RECORDS
◇ ◇ ◇ ◇ ◇ ◇ ◇

(* Let $G,H$ be finite simple graphs. Then the Euler characteristic of the strong product is multiplicative: $\chi(G*H)=\chi(G)\,\chi(H)$.
   Context: The Euler characteristic of a finite simple graph is $\chi(G)=\sum_{k\ge0}(-1)^k f_k(G)$, where $f_k(G)$ is the number of complete subgraphs of $G$ with $k+1$ vertices. The strong product $G*H$ has vertex set $V(G)\times V(H)$, and two distinct vertices $(a,b),(c,d)$ are adjacent iff ($a=c$ or $a$ is adjacent to $c$ in $G$) and ($b=d$ or $b$ is adjacent to $d$ in $H$). *)

From mathcomp Require Import all_boot all_order all_algebra.
Set Implicit Arguments. Unset Strict Implicit. Unset Printing Implicit Defensive.
Import GRing.Theory Num.Theory.

Definition simple_graph (T : finType) (e : rel T) : Prop :=
  symmetric e /\ irreflexive e.

Definition is_clique (T : finType) (e : rel T) (A : {set T}) : bool :=
  (A != set0) && [forall x in A, forall y in A, (x != y) ==> e x y].

Definition fvec (T : finType) (e : rel T) (k : nat) : nat :=
  #|[set A : {set T} | is_clique e A & #|A| == k.+1]|.

(* Euler characteristic chi(G) = sum_{k>=0} (-1)^k f_k(G); f_k = 0 for k >= |T|. *)
Definition euler_char (T : finType) (e : rel T) : int :=
  (\sum_(k < #|T|) (-1) ^+ k * (fvec e k)%:Z)%R.

Definition strong_prod (T U : finType) (e : rel T) (f : rel U) : rel (T * U) :=
  fun p q => (p != q) && ((p.1 == q.1) || e p.1 q.1) && ((p.2 == q.2) || f p.2 q.2).

From mathcomp Require Import all_boot all_order all_algebra.
Import GRing.Theory Num.Theory.
Local Open Scope ring_scope.

(* Write sgn n for (-1)^n.  Grouping the cliques of G by size, chi(G) is the
   sum of - sgn |A| over all cliques A of G (euler_char_cliques).  A vertex
   set C of G * H is a clique iff both of its projections are cliques
   (clique_strong_prod), so grouping the cliques of G * H by their pair of
   projections (A, B) gives
     chi(G * H) = sum_(A, B cliques) - sum_(C | proj C = (A, B)) sgn |C|.
   The inner sum ranges over the subsets of A x B that cover both A and B;
   inclusion-exclusion over the uncovered parts Y of A and Z of B evaluates
   it to - sgn |A| * sgn |B| (sum_sgn_covering).  The only counting input is
   the alternating sum over the subsets of a finite set D, which is 1 if D
   is empty and 0 otherwise (sum_sgn_subsets).  Hence the double sum factors
   as chi(G) * chi(H). *)

Local Notation sgn n := ((-1) ^+ n : int).

(* Alternating sum over the subsets of D: it vanishes unless D is empty,
   since toggling a fixed element of D is a sign-reversing involution. *)
Lemma sum_sgn_subsets {T : finType} (D : {set T}) :
  \sum_(X : {set T} | X \subset D) sgn #|X| = (D == set0)%:R.
Proof.
have [->|[x xD]] := set_0Vmem D.
  rewrite eqxx (big_pred1 set0) ?cards0 // => X /=.
  by rewrite subset0.
have /negbTE -> : D != set0 by apply/set0Pn; exists x.
pose toggle (X : {set T}) := if x \in X then X :\ x else x |: X.
have toggleK : involutive toggle.
  move=> X; rewrite /toggle; case: (boolP (x \in X)) => xX.
    by rewrite setD11 setD1K.
  by rewrite setU11 setU1K ?xX.
set S := \sum_(X | _) _.
suff : S = - S by move/eqP; rewrite -subr_eq0 opprK -mulr2n mulrn_eq0 => /eqP.
rewrite {1}/S (reindex_inj (inv_inj toggleK)) -sumrN.
apply: eq_big => [X|X _]; rewrite /toggle; case: ifP => xX.
- by rewrite subDset (setUidPr _) // sub1set.
- by rewrite subUset sub1set xD.
- by rewrite (cardsD1 x X) xX exprS mulN1r opprK.
- by rewrite cardsU1 xX exprS mulN1r.
Qed.

Lemma sum_sgn_proper_subsets {T : finType} (D : {set T}) : D != set0 ->
  \sum_(X : {set T} | X \proper D) sgn #|X| = - sgn #|D|.
Proof.
move=> /negbTE D0; have := sum_sgn_subsets D.
rewrite (bigD1 D) //= D0 => /eqP; rewrite addrC addr_eq0 => /eqP <-.
by apply: eq_bigl => X; rewrite properEneq andbC.
Qed.

(* Alternating sum over the pairs (Y, Z) of subsets of A and B with Y = A or
   Z = B: the indicator of the disjunction is 1 minus the product of the
   indicators of Y != A and Z != B, and both resulting sums factor. *)
Lemma sum_sgn_cover_pairs {T U : finType} (A : {set T}) (B : {set U}) :
  A != set0 -> B != set0 ->
  \sum_(Y : {set T} | Y \subset A) \sum_(Z : {set U} | Z \subset B)
     sgn #|Y| * sgn #|Z| * ((Y == A) || (Z == B))%:R = - (sgn #|A| * sgn #|B|).
Proof.
move=> A0 B0.
have split_ind (Y : {set T}) (Z : {set U}) :
    sgn #|Y| * sgn #|Z| * ((Y == A) || (Z == B))%:R
  = sgn #|Y| * sgn #|Z|
    - (if Y != A then sgn #|Y| else 0) * (if Z != B then sgn #|Z| else 0).
  by case: (Y == A); case: (Z == B); rewrite /= ?mulr0 ?mulr1 ?mul0r ?subr0 ?subrr.
under eq_bigr => Y _ do under eq_bigr => Z _ do rewrite split_ind.
under eq_bigr => Y _ do rewrite sumrB.
rewrite sumrB -!big_distrlr /= !sum_sgn_subsets (negbTE A0) mul0r sub0r.
rewrite -!big_mkcondr.
under eq_bigl => Y do rewrite andbC -properEneq.
under [X in _ * X]eq_bigl => Z do rewrite andbC -properEneq.
by rewrite !sum_sgn_proper_subsets // mulrNN.
Qed.

Section Projections.
Context {T U : finType}.
Implicit Types (A Y : {set T}) (B Z : {set U}) (C : {set T * U}).

Lemma subsetX_proj A B C :
  (C \subset setX A B) = (fst @: C \subset A) && (snd @: C \subset B).
Proof.
apply/idP/andP => [/subsetP CAB | [/subsetP fA /subsetP sB]].
  by split; apply/subsetP => _ /imsetP [[a b] /CAB + ->]; rewrite in_setX => /andP [].
apply/subsetP => -[a b] abC.
by rewrite in_setX (fA _ (imset_f fst abC)) (sB _ (imset_f snd abC)).
Qed.

Lemma subsetX_avoid A B Y Z C :
  (C \subset setX (A :\: Y) (B :\: Z)) =
  [&& C \subset setX A B, Y \subset ~: fst @: C & Z \subset ~: snd @: C].
Proof.
apply/subsetP/and3P => [CYZ | [/subsetP CAB /subsetP YC /subsetP ZC] [a b] abC].
  have CYZ' p : p \in C -> [&& p.1 \in A, p.1 \notin Y, p.2 \in B & p.2 \notin Z].
    by case: p => a b /CYZ; rewrite in_setX !inE => /andP [/andP [-> ->] /andP [-> ->]].
  split.
  - by apply/subsetP => -[a b] /CYZ' /and4P [aA _ bB _]; rewrite in_setX aA.
  - apply/subsetP => a aY; rewrite inE; apply/imsetP => -[p /CYZ' /and4P [_ + _ _] eqa].
    by rewrite -eqa aY.
  - apply/subsetP => b bZ; rewrite inE; apply/imsetP => -[p /CYZ' /and4P [_ _ _ +] eqb].
    by rewrite -eqb bZ.
have := CAB _ abC; rewrite !in_setX !inE => /andP [-> ->]; rewrite !andbT.
apply/andP; split; apply/negP.
  by move=> /YC; rewrite inE (imset_f fst abC).
by move=> /ZC; rewrite inE (imset_f snd abC).
Qed.

(* Bookkeeping for exchanging the order of summation in
   sum_sgn_covering_expand: the constraints on a triple (C, Y, Z), read with
   C first or with (Y, Z) first. *)
Lemma covering_avoid A B Y Z C :
  [&& C \subset setX A B, Y \subset A :\: fst @: C & Z \subset B :\: snd @: C] =
  [&& Y \subset A, Z \subset B & C \subset setX (A :\: Y) (B :\: Z)].
Proof.
rewrite subsetX_avoid !setDE !subsetI.
by case: (Y \subset A); case: (Z \subset B); rewrite /= ?andbF.
Qed.

(* Inclusion-exclusion for a single C: C covers A and B iff C lies in A x B
   and the uncovered parts A \ fst C and B \ snd C are empty, and each
   emptiness indicator is an alternating sum by sum_sgn_subsets. *)
Lemma covering_indicator A B C :
  (if (fst @: C == A) && (snd @: C == B) then sgn #|C| else 0) =
  \sum_(Y : {set T}) \sum_(Z : {set U})
    (if [&& C \subset setX A B, Y \subset A :\: fst @: C & Z \subset B :\: snd @: C]
     then sgn #|C| * sgn #|Y| * sgn #|Z| else 0).
Proof.
have [| /negP nCAB] := boolP (C \subset setX A B); last first.
  rewrite big1 => [|Y _]; last by rewrite big1.
  case: ifP => // /andP [/eqP eA /eqP eB]; case: nCAB.
  by rewrite subsetX_proj eA eB !subxx.
rewrite subsetX_proj => /andP [fA sB] /=.
transitivity (sgn #|C| * (\sum_(Y : {set T} | Y \subset A :\: fst @: C) sgn #|Y|)
                       * (\sum_(Z : {set U} | Z \subset B :\: snd @: C) sgn #|Z|)).
  rewrite !sum_sgn_subsets !setD_eq0 !eqEsubset fA sB /=.
  by case: (A \subset _); case: (B \subset _); rewrite /= ?mulr1 ?mulr0.
rewrite (big_distrr (sgn #|C|)) big_distrlr big_mkcond /=; apply: eq_bigr => Y _.
case: ifP => _; last by rewrite big1.
by rewrite big_mkcond.
Qed.

(* Summing covering_indicator over C first (after exchanging the order of
   summation with covering_avoid) leaves, for each pair (Y, Z), the
   alternating sum over the subsets of (A \ Y) x (B \ Z). *)
Lemma sum_sgn_covering_expand A B :
  \sum_(C : {set T * U} | (fst @: C == A) && (snd @: C == B)) sgn #|C| =
  \sum_(Y : {set T} | Y \subset A) \sum_(Z : {set U} | Z \subset B)
     sgn #|Y| * sgn #|Z| * (setX (A :\: Y) (B :\: Z) == set0)%:R.
Proof.
rewrite big_mkcond; under eq_bigr => C _ do rewrite covering_indicator.
rewrite exchange_big /=; under eq_bigr => Y _ do rewrite exchange_big /=.
rewrite [RHS]big_mkcond; apply: eq_bigr => Y _.
case YA: (Y \subset A) => /=; last first.
  by rewrite big1 // => Z _; rewrite big1 // => C _; rewrite covering_avoid YA.
rewrite [RHS]big_mkcond; apply: eq_bigr => Z _.
case ZB: (Z \subset B) => /=; last first.
  by rewrite big1 // => C _; rewrite covering_avoid YA ZB.
rewrite -sum_sgn_subsets big_distrr [RHS]big_mkcond /=; apply: eq_bigr => C _.
by rewrite covering_avoid YA ZB -mulrA mulrC.
Qed.

Lemma setX_eq0 A B : (setX A B == set0) = (A == set0) || (B == set0).
Proof. by rewrite -!cards_eq0 cardsX muln_eq0. Qed.

Lemma sum_sgn_covering A B : A != set0 -> B != set0 ->
  \sum_(C : {set T * U} | (fst @: C == A) && (snd @: C == B)) sgn #|C|
    = - (sgn #|A| * sgn #|B|).
Proof.
move=> A0 B0; rewrite sum_sgn_covering_expand -(sum_sgn_cover_pairs A B A0 B0).
apply: eq_bigr => Y YA; apply: eq_bigr => Z ZB.
by rewrite setX_eq0 !setD_eq0 !eqEsubset YA ZB.
Qed.

Lemma sum_by_projections (P : pred {set T}) (Q : pred {set U}) (F : {set T * U} -> int) :
  \sum_(C : {set T * U} | P (fst @: C) && Q (snd @: C)) F C =
  \sum_(A | P A) \sum_(B | Q B)
     \sum_(C : {set T * U} | (fst @: C == A) && (snd @: C == B)) F C.
Proof.
rewrite pair_big (partition_big (fun C => (fst @: C, snd @: C)) (fun AB => P AB.1 && Q AB.2)) //=.
apply: eq_bigr => -[A B] /= /andP [PA QB]; apply: eq_bigl => C.
by rewrite xpair_eqE; case: eqP => [->|]; case: eqP => [->|]; rewrite ?PA ?QB ?andbF.
Qed.

Lemma forall_pairs_proj (r1 : rel T) (r2 : rel U) C :
  [forall p in C, forall q in C, r1 p.1 q.1 && r2 p.2 q.2] =
  [forall a in fst @: C, forall c in fst @: C, r1 a c]
  && [forall b in snd @: C, forall d in snd @: C, r2 b d].
Proof.
apply/idP/andP => [/forall_inP rC | [/forall_inP r1C /forall_inP r2C]].
  split; apply/forall_inP => _ /imsetP [p pC ->];
    apply/forall_inP => _ /imsetP [q qC ->];
    by have /andP [] := forall_inP (rC p pC) q qC.
apply/forall_inP => p pC; apply/forall_inP => q qC.
rewrite (forall_inP (r1C _ (imset_f fst pC)) _ (imset_f fst qC)).
by rewrite (forall_inP (r2C _ (imset_f snd pC)) _ (imset_f snd qC)).
Qed.

End Projections.

Lemma cliqueE (T : finType) (e : rel T) (A : {set T}) :
  is_clique e A = (A != set0) && [forall x in A, forall y in A, (x == y) || e x y].
Proof.
rewrite /is_clique.
by under eq_forallb => x do under eq_forallb => y do rewrite implyNb.
Qed.

Lemma euler_char_cliques (T : finType) (e : rel T) :
  euler_char e = \sum_(A : {set T} | is_clique e A) - sgn #|A|.
Proof.
rewrite /euler_char /fvec.
transitivity (\sum_(k < #|T|) \sum_(A : {set T})
   (if is_clique e A && (#|A| == k.+1)%N then (-1) ^+ k else 0 : int)).
  apply: eq_bigr => k _; rewrite -big_mkcond /= sumr_const.
  rewrite -mulr_natr; congr (_ * _).
  by rewrite natz cardsE.
rewrite exchange_big /= [RHS]big_mkcond /=; apply: eq_bigr => A _.
case cA: (is_clique e A); last by rewrite big1.
have A0 : (0 < #|A|)%N by rewrite card_gt0; case/andP: cA.
have AT : (#|A|.-1 < #|T|)%N by rewrite prednK // max_card.
rewrite /= -big_mkcond /= (big_pred1 (Ordinal AT)) /=; last first.
  by move=> k /=; rewrite -(inj_eq val_inj) /=; apply/eqP/eqP => [->|->] //; rewrite (prednK A0).
by rewrite -[in RHS](prednK A0) exprS mulN1r opprK.
Qed.

Lemma strong_prod_refl {T U : finType} (e : rel T) (f : rel U) (p q : T * U) :
  (p == q) || strong_prod e f p q = ((p.1 == q.1) || e p.1 q.1) && ((p.2 == q.2) || f p.2 q.2).
Proof. by rewrite /strong_prod; case: eqVneq => [->|]; rewrite ?eqxx. Qed.

Lemma clique_strong_prod {T U : finType} (e : rel T) (f : rel U) (C : {set T * U}) :
  is_clique (strong_prod e f) C = is_clique e (fst @: C) && is_clique f (snd @: C).
Proof.
rewrite !cliqueE !imset_eq0.
under eq_forallb => p do under eq_forallb => q do rewrite strong_prod_refl.
rewrite (forall_pairs_proj (fun a c => (a == c) || e a c) (fun b d => (b == d) || f b d)).
by case: (C != set0).
Qed.

Theorem mainTheorem5 (T U : finType) (e : rel T) (f : rel U) :
  simple_graph e -> simple_graph f ->
  euler_char (strong_prod e f) = (euler_char e * euler_char f)%R.
Proof.
move=> _ _.
rewrite !euler_char_cliques big_distrlr /=.
rewrite (eq_bigl _ _ (clique_strong_prod e f)) sum_by_projections.
apply: eq_bigr => A /andP [A0 _]; apply: eq_bigr => B /andP [B0 _].
by rewrite sumrN sum_sgn_covering // opprK mulrNN.
Qed.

◇ ◇ ◇ ◇ ◇ ◇ ◇

YOUR TASK
Scan the records above for the word "prednK" and return every line where it occurs.

TASK OUTPUT
have AT : (#|A|.-1 < #|T|)%N by rewrite prednK // max_card.
  by move=> k /=; rewrite -(inj_eq val_inj) /=; apply/eqP/eqP => [->|->] //; rewrite (prednK A0).
by rewrite -[in RHS](prednK A0) exprS mulN1r opprK.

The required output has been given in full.